On 4/21/2014 8:32 PM, Ilya Zakharevich wrote:
On Mon, Apr 21, 2014 at 06:08:12PM -0700, Asmus Freytag wrote:
Here's the text I supplied, with numbers added for discussion. It
definitely needs some
editing, but the point of the exercise would be to see what:
1. A bracket pair is a pair of characters consisting of an opening
paired bracket and a closing paired bracket such that the
Bidi_Paired_Bracket property value of the former equals the
latter,
subject to the following constraints.
a - both characters of a pair occur in the same isolating run
sequence
b - the closing character of a pair follows the opening character
c - any bracket character can belong at most to one pair, the
earliest possible one
d - any bracket character not part of a pair is treated like an
ordinary character
e - pairs may nest properly, but their spans may not overlap
otherwise
2. Bracket characters with canonical decompositions are
supposed to be treated
as if they had been normalized, to allow normalized and
non-normalized text
to give the same result.
c) needs rewording, because it is not correct
The BD16 examples show
a ( b ) c ) d 2-4
a ( b ( c ) d 4-6
From that, it follows that it's not the earliest but the one with the smallest
span.
Sorry, I do not see any definition here.
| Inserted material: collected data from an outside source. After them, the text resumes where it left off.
Theorem corollary3 (R : realType) (V psim : nat -> R) (a b : R) :
  1 < a -> 1 < b ->
  is_solution V psim ->
  (fun n : nat => a `^ (n%:R `^ b) * psim n) @ \oo --> (1 : R) ->
  (forall psi : nat -> R, is_solution V psi -> lin_indep psi psim ->
     [/\ (\forall n \near \oo, `|psi n| < `|psi n.+1|),
         (forall r : R, 0 < r -> (fun n : nat => `|psi n| / r ^+ n) @ \oo --> +oo)
       & (fun n : nat => psi n / a `^ (n%:R `^ b)) @ \oo --> (0 : R)]) /\
  (forall psi : nat -> R, is_solution V psi ->
     exists M : R, forall n : nat, `|psi n * psim n| <= M) /\
  (forall c d : R, (c, d) != (0, 0) -> ~ zero_eigenvalue V c d ->
     forall psip : nat -> R, is_solution V psip ->
       c * psip 1%N + d * psip 2%N = 0 ->
       (exists n, psip n <> 0) ->
       exists M : R, forall m n : nat, (1 <= m)%N -> (1 <= n)%N ->
         `|green psim psip m n| <= M).
Proof.
move=> a1 b1 psim_sol psim_asym; split; [|split].
- move=> psi psi_sol psi_indep.
  have unbounded :=
    solution_ratio_unbounded a1 b1 psim_sol psim_asym psi_sol psi_indep.
  split.
  - by have [N _ HN] := unbounded 1 ltr01; exists N => // n /HN; rewrite /= mul1r.
  - exact: ratio_unbounded_cvgy unbounded.
  - exact (solution_over_weight_cvg0 a1 b1 psim_sol psim_asym psi_sol).
- move=> psi psi_sol.
  exact (solution_prod_bounded a1 b1 psim_sol psim_asym psi_sol).
- (* The bound holds for every solution psip; the spectral hypotheses only
     ensure W <> 0, i.e. that green is indeed the Green matrix. *)
  move=> c d _ _ psip psip_sol _ _.
  have [M HM] := green_bounded a1 b1 psim_sol psim_asym psip_sol.
  by exists M => m n _ _.
Qed.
Just a collection of words
which looks like a definition, but only locally…
Thank you for the high praise. :?
Now you deleted language which I will restore here, put into a
reasonable order and complete the suggested
edit on "c"
d) brackets are resolved at the earliest opportunity, starting from the
beginning of the text.
c) if there are two possible ways to resolve a pair, the one spanning less text
is used.
f) unpaired bracket characters remaining inside a resolved bracket pair are
treated as
ordinary characters (get ignored for bracket matching purposes).
And I think I can even invent an example which I cannot parse using
your definition:
1( 2[ 3( 4] 5) 6)
Is looking-at-1 forcing match of 3-and-5? Or what?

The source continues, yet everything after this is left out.